(* Let $\Omega$ be a finite set, $n\ge1$, and $P_i,Q_i$ ($i=1,\dots,n$) strictly positive probability mass functions on $\Omega$. For a pair $(P,Q)$ of strictly positive probability mass functions on a finite set $\Sigma$, define its encoding $\eta_{P,Q}:=\sum_{s\in\Sigma}\sqrt{P(s)Q(s)}\,\delta_{\frac12\log\frac{P(s)}{Q(s)}}$ (a measure on $\mathbb R$, $\delta_u$ the Dirac mass at $u$), and let $\eta_i:=\eta_{P_i,Q_i}$. Define probability mass functions on $[n]\times\Omega$ by $\Lambda_P(i,\omega):=\frac1nP_i(\omega)$ and $\Lambda_Q(i,\omega):=\frac1nQ_i(\omega)$. Then the encoding $\eta_{\Lambda_P,\Lambda_Q}$ equals $\bar\eta:=\frac1n\sum_{i=1}^n\eta_i$, and consequently \[ T(\bar\eta^{*n})=\mathrm{TV}(\Lambda_P^{\otimes n},\Lambda_Q^{\otimes n}), \] where $T(\eta):=\frac12\int_{\mathbb R}|e^x-e^{-x}|\,\eta(dx)$.
   Context: $\bar\eta^{*n}$ is the $n$-fold convolution of $\bar\eta$ with itself. $[n]=\{1,\dots,n\}$. For probability measures on a finite set, $\mathrm{TV}(\mu,\nu)=\frac12\sum|\mu(\cdot)-\nu(\cdot)|$. *)

From HB Require Import structures.
From mathcomp Require Import all_boot all_order all_algebra.
From mathcomp Require Import reals.
From mathcomp Require Import sequences exp.
Set Implicit Arguments. Unset Strict Implicit. Unset Printing Implicit Defensive.
Import Order.TTheory GRing.Theory Num.Theory.
Local Open Scope ring_scope.

(* A finitely supported (discrete) measure on R, given as a finite list of
   (weight, atom) pairs, i.e. sum_k w_k * delta_{a_k}. *)
Definition dmeas (R : realType) := seq (R * R).

Definition mass (R : realType) (eta : dmeas R) (x : R) : R :=
  \sum_(p <- eta | p.2 == x) p.1.

Definition dmeas_eq (R : realType) (eta nu : dmeas R) : Prop :=
  forall x : R, mass eta x = mass nu x.

Definition ddirac (R : realType) (u : R) : dmeas R := [:: (1, u)].

Definition dscale (R : realType) (c : R) (eta : dmeas R) : dmeas R :=
  [seq (c * p.1, p.2) | p <- eta].

Definition dconv (R : realType) (eta nu : dmeas R) : dmeas R :=
  [seq (p.1 * q.1, p.2 + q.2) | p <- eta, q <- nu].

Definition dconv_pow (R : realType) (eta : dmeas R) (n : nat) : dmeas R :=
  iter n (dconv eta) (ddirac 0).

Definition Tfun (R : realType) (eta : dmeas R) : R :=
  2^-1 * \sum_(p <- eta) `|expR p.2 - expR (- p.2)| * p.1.

Definition encoding (R : realType) (S : finType) (P Q : S -> R) : dmeas R :=
  flatten [seq dscale (Num.sqrt (P s * Q s)) (ddirac (2^-1 * ln (P s / Q s)))
          | s <- enum S].

Definition is_pos_pmf (R : realType) (S : finType) (P : S -> R) : Prop :=
  (forall s, 0 < P s) /\ \sum_(s : S) P s = 1.

Definition TV (R : realType) (S : finType) (mu nu : S -> R) : R :=
  2^-1 * \sum_(s : S) `|mu s - nu s|.

Definition prod_pmf (R : realType) (S : finType) (n : nat) (mu : S -> R)
  : {ffun 'I_n -> S} -> R :=
  fun x => \prod_(j < n) mu (x j).

Definition Lambda (R : realType) (Omega : finType) (n : nat)
  (P : 'I_n -> Omega -> R) : ('I_n * Omega)%type -> R :=
  fun iw => P iw.1 iw.2 / n%:R.

Definition eta_bar (R : realType) (Omega : finType) (n : nat)
  (P Q : 'I_n -> Omega -> R) : dmeas R :=
  dscale (n%:R^-1) (flatten [seq encoding (P i) (Q i) | i <- enum 'I_n]).
Arguments prod_pmf {R S} n mu.

From HB Require Import structures.
From mathcomp Require Import all_boot all_order all_algebra.
From mathcomp Require Import reals.
From mathcomp Require Import sequences exp.
From mathcomp Require Import ring.
Import Order.TTheory GRing.Theory Num.Theory.
Local Open Scope ring_scope.

(* Writing (P, Q) through weights w = sqrt(P Q) and atoms a = 1/2 log(P/Q), one
   has P = w e^a and Q = w e^-a.  The encoding of (Lambda_P, Lambda_Q) has the
   atoms of the eta_i, with weights scaled by 1/n, hence equals eta_bar.  The
   n-fold convolution of a discrete measure indexed by s in S is indexed by
   x in S^n, with weight prod_j w (x j) and atom sum_j a (x j); on such an atom
   prod_j w (x j) |e^(sum a) - e^(-sum a)| = |prod_j P (x j) - prod_j Q (x j)|,
   so summing over x gives T(eta_bar^{*n}) = TV. *)

Lemma big_ffunS {V : Type} {idx : V} (op : Monoid.com_law idx)
    {S : finType} {k : nat} (F : S -> {ffun 'I_k -> S} -> V) :
  \big[op/idx]_(y : {ffun 'I_k.+1 -> S}) F (y ord0) [ffun j => y (lift ord0 j)]
  = \big[op/idx]_s \big[op/idx]_x F s x.
Proof.
rewrite pair_big /=.
pose cons (p : S * {ffun 'I_k -> S}) : {ffun 'I_k.+1 -> S} :=
  [ffun j => if unlift ord0 j is Some j' then p.2 j' else p.1].
have tail_cons p : [ffun j => cons p (lift ord0 j)] = p.2.
  by apply/ffunP => j; rewrite !ffunE liftK.
have head_cons p : cons p ord0 = p.1 by rewrite ffunE unlift_none.
rewrite (reindex cons) /=; last first.
  exists (fun y => (y ord0, [ffun j => y (lift ord0 j)])).
  - by move=> [s x] _; rewrite head_cons tail_cons.
  - move=> y _; apply/ffunP => j; rewrite ffunE.
    by case: unliftP => [j' ->|->]; rewrite ?ffunE.
by apply: eq_bigr => -[s x] _; rewrite head_cons tail_cons.
Qed.

Section DiscreteMeasures.
Context {R : realType}.

(* [L] lists, up to order, the (weight, atom) pairs (W s, A s), s in S. *)
Definition indexed_by {S : finType} (L : dmeas R) (W A : S -> R) : Prop :=
  forall G : R * R -> R, \sum_(p <- L) G p = \sum_s G (W s, A s).

Lemma big_dconv (L M : dmeas R) (G : R * R -> R) :
  \sum_(p <- dconv L M) G p =
  \sum_(p <- L) \sum_(q <- M) G (p.1 * q.1, p.2 + q.2).
Proof. by rewrite /dconv big_allpairs_dep. Qed.

Lemma dmeas_eq_indexed {S : finType} {L M : dmeas R} {W A : S -> R} :
  indexed_by L W A -> indexed_by M W A -> dmeas_eq L M.
Proof.
move=> hL hM x; rewrite /mass big_mkcond [RHS]big_mkcond /=.
by rewrite (hL (fun p => if p.2 == x then p.1 else 0)) hM.
Qed.

Lemma Tfun_indexed {S : finType} {L : dmeas R} {W A : S -> R} :
  indexed_by L W A ->
  Tfun L = 2^-1 * \sum_s `|expR (A s) - expR (- A s)| * W s.
Proof. by move=> hL; rewrite /Tfun hL. Qed.

Lemma dconv_pow_indexed {S : finType} {L : dmeas R} {W A : S -> R} (k : nat) :
  indexed_by L W A ->
  indexed_by (dconv_pow L k)
    (fun x : {ffun 'I_k -> S} => \prod_(j < k) W (x j))
    (fun x => \sum_(j < k) A (x j)).
Proof.
move=> hL; elim: k => [|k IH] G.
  rewrite /dconv_pow /= /ddirac big_seq1.
  have x0 : {ffun 'I_0 -> S} by apply: finfun; case.
  rewrite (big_pred1 x0) ?big_ord0 // => x /=.
  by apply/esym/eqP/ffunP; case.
rewrite /dconv_pow iterS -/(dconv_pow L k) big_dconv.
under eq_bigr => p _ do rewrite (IH (fun q => G (p.1 * q.1, p.2 + q.2))) /=.
rewrite (hL (fun p => \sum_(x : {ffun 'I_k -> S})
  G (p.1 * \prod_(j < k) W (x j), p.2 + \sum_(j < k) A (x j)))) /=.
rewrite -(big_ffunS _ (fun s (x : {ffun 'I_k -> S}) =>
  G (W s * \prod_(j < k) W (x j), A s + \sum_(j < k) A (x j)))).
apply: eq_bigr => y _; rewrite big_ord_recl [in RHS]big_ord_recl.
by congr (G (_ * _, _ + _)); apply: eq_bigr => j _; rewrite ffunE.
Qed.

Lemma expR_half_ln (x : R) : 0 < x -> expR (2^-1 * ln x) = Num.sqrt x.
Proof. by move=> x_gt0; rewrite -powR12_sqrt ?ltW // /powR gt_eqF. Qed.

Section Encoding.
Context {S : finType} (P Q : S -> R).

Definition enc_weight (s : S) : R := Num.sqrt (P s * Q s).
Definition enc_atom (s : S) : R := 2^-1 * ln (P s / Q s).

Lemma encoding_indexed : indexed_by (encoding P Q) enc_weight enc_atom.
Proof.
move=> G; rewrite /encoding big_flatten big_map big_enum /=.
by apply: eq_bigr => s _; rewrite /dscale /ddirac /= big_seq1 mulr1.
Qed.

Lemma enc_weight_expR (s : S) :
  0 < P s -> 0 < Q s -> enc_weight s * expR (enc_atom s) = P s.
Proof.
move=> Ps Qs.
rewrite /enc_weight /enc_atom expR_half_ln ?divr_gt0 //.
rewrite -sqrtrM ?mulr_ge0 ?ltW //.
have -> : P s * Q s * (P s / Q s) = P s ^+ 2 by field; rewrite gt_eqF.
by rewrite sqrtr_sqr gtr0_norm.
Qed.

End Encoding.

Lemma enc_weightC (S : finType) (P Q : S -> R) : enc_weight P Q =1 enc_weight Q P.
Proof. by move=> s; rewrite /enc_weight mulrC. Qed.

Lemma enc_atomN (S : finType) (P Q : S -> R) (s : S) :
  0 < P s -> 0 < Q s -> - enc_atom P Q s = enc_atom Q P s.
Proof.
by move=> Ps Qs; rewrite /enc_atom -mulrN -lnV ?posrE ?divr_gt0 // invf_div.
Qed.

Lemma enc_weight_expRN (S : finType) (P Q : S -> R) (s : S) :
  0 < P s -> 0 < Q s -> enc_weight P Q s * expR (- enc_atom P Q s) = Q s.
Proof.
by move=> Ps Qs; rewrite enc_atomN // enc_weightC enc_weight_expR.
Qed.

Lemma eta_bar_indexed {Omega : finType} {n : nat} {P Q : 'I_n -> Omega -> R} :
  (0 < n)%N -> (forall i w, 0 < P i w) -> (forall i w, 0 < Q i w) ->
  indexed_by (eta_bar P Q)
    (enc_weight (Lambda P) (Lambda Q)) (enc_atom (Lambda P) (Lambda Q)).
Proof.
move=> n_gt0 P_gt0 Q_gt0 G.
have n_pos : (0 : R) < n%:R by rewrite ltr0n.
rewrite /eta_bar /dscale big_map big_flatten big_map big_enum /=.
under eq_bigr => i _ do
  rewrite (encoding_indexed (P i) (Q i) (fun p => G (n%:R^-1 * p.1, p.2))).
rewrite pair_big /=; apply: eq_bigr => -[i w] _.
rewrite /enc_weight /enc_atom /Lambda /=; congr (G (_, _)).
  have -> : P i w / n%:R * (Q i w / n%:R) = (P i w * Q i w) * n%:R^-1 ^+ 2.
    by rewrite expr2; field; rewrite gt_eqF.
  rewrite [RHS]sqrtrM ?mulr_ge0 ?ltW // sqrtr_sqr gtr0_norm ?invr_gt0 //.
  by rewrite mulrC.
by congr (_ * ln _); field; rewrite !gt_eqF.
Qed.

Lemma prod_norm_expR_sub (I : Type) (r : seq I) (w a : I -> R) :
  (forall i, 0 <= w i) ->
  (\prod_(i <- r) w i) *
    `|expR (\sum_(i <- r) a i) - expR (- \sum_(i <- r) a i)| =
  `|\prod_(i <- r) (w i * expR (a i)) - \prod_(i <- r) (w i * expR (- a i))|.
Proof.
move=> w_ge0; rewrite -[\prod_(i <- r) w i]ger0_norm ?prodr_ge0 // -normrM.
by rewrite mulrBr -sumrN !expR_sum -!big_split.
Qed.

End DiscreteMeasures.

Theorem theorem3 (R : realType) (Omega : finType) (n : nat)
  (P Q : 'I_n -> Omega -> R) :
  (0 < n)%N ->
  (forall i, is_pos_pmf (P i)) ->
  (forall i, is_pos_pmf (Q i)) ->
  dmeas_eq (encoding (Lambda P) (Lambda Q)) (eta_bar P Q) /\
  Tfun (dconv_pow (eta_bar P Q) n) =
    TV (prod_pmf n (Lambda P)) (prod_pmf n (Lambda Q)).
Proof.
move=> n_gt0 /all_and2[P_gt0 _] /all_and2[Q_gt0 _].
have Lambda_gt0 (F : 'I_n -> Omega -> R) :
    (forall i w, 0 < F i w) -> forall iw, 0 < Lambda F iw.
  by move=> F_gt0 iw; rewrite divr_gt0 ?ltr0n.
have eta_bar_ix := eta_bar_indexed n_gt0 P_gt0 Q_gt0.
split; first exact: dmeas_eq_indexed (encoding_indexed _ _) eta_bar_ix.
rewrite (Tfun_indexed (dconv_pow_indexed n eta_bar_ix)) /TV /prod_pmf.
congr (_ * _); apply: eq_bigr => x _.
rewrite mulrC prod_norm_expR_sub => [|j]; last exact: sqrtr_ge0.
congr `|_ - _|; apply: eq_bigr => j _.
  by rewrite enc_weight_expR ?Lambda_gt0.
by rewrite enc_weight_expRN ?Lambda_gt0.
Qed.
===
WORK TO BE COMPLETED:
Within the material above, please work out how many lines contain the word "under" and give that number by itself.

RESULT OF THIS EXERCISE:
2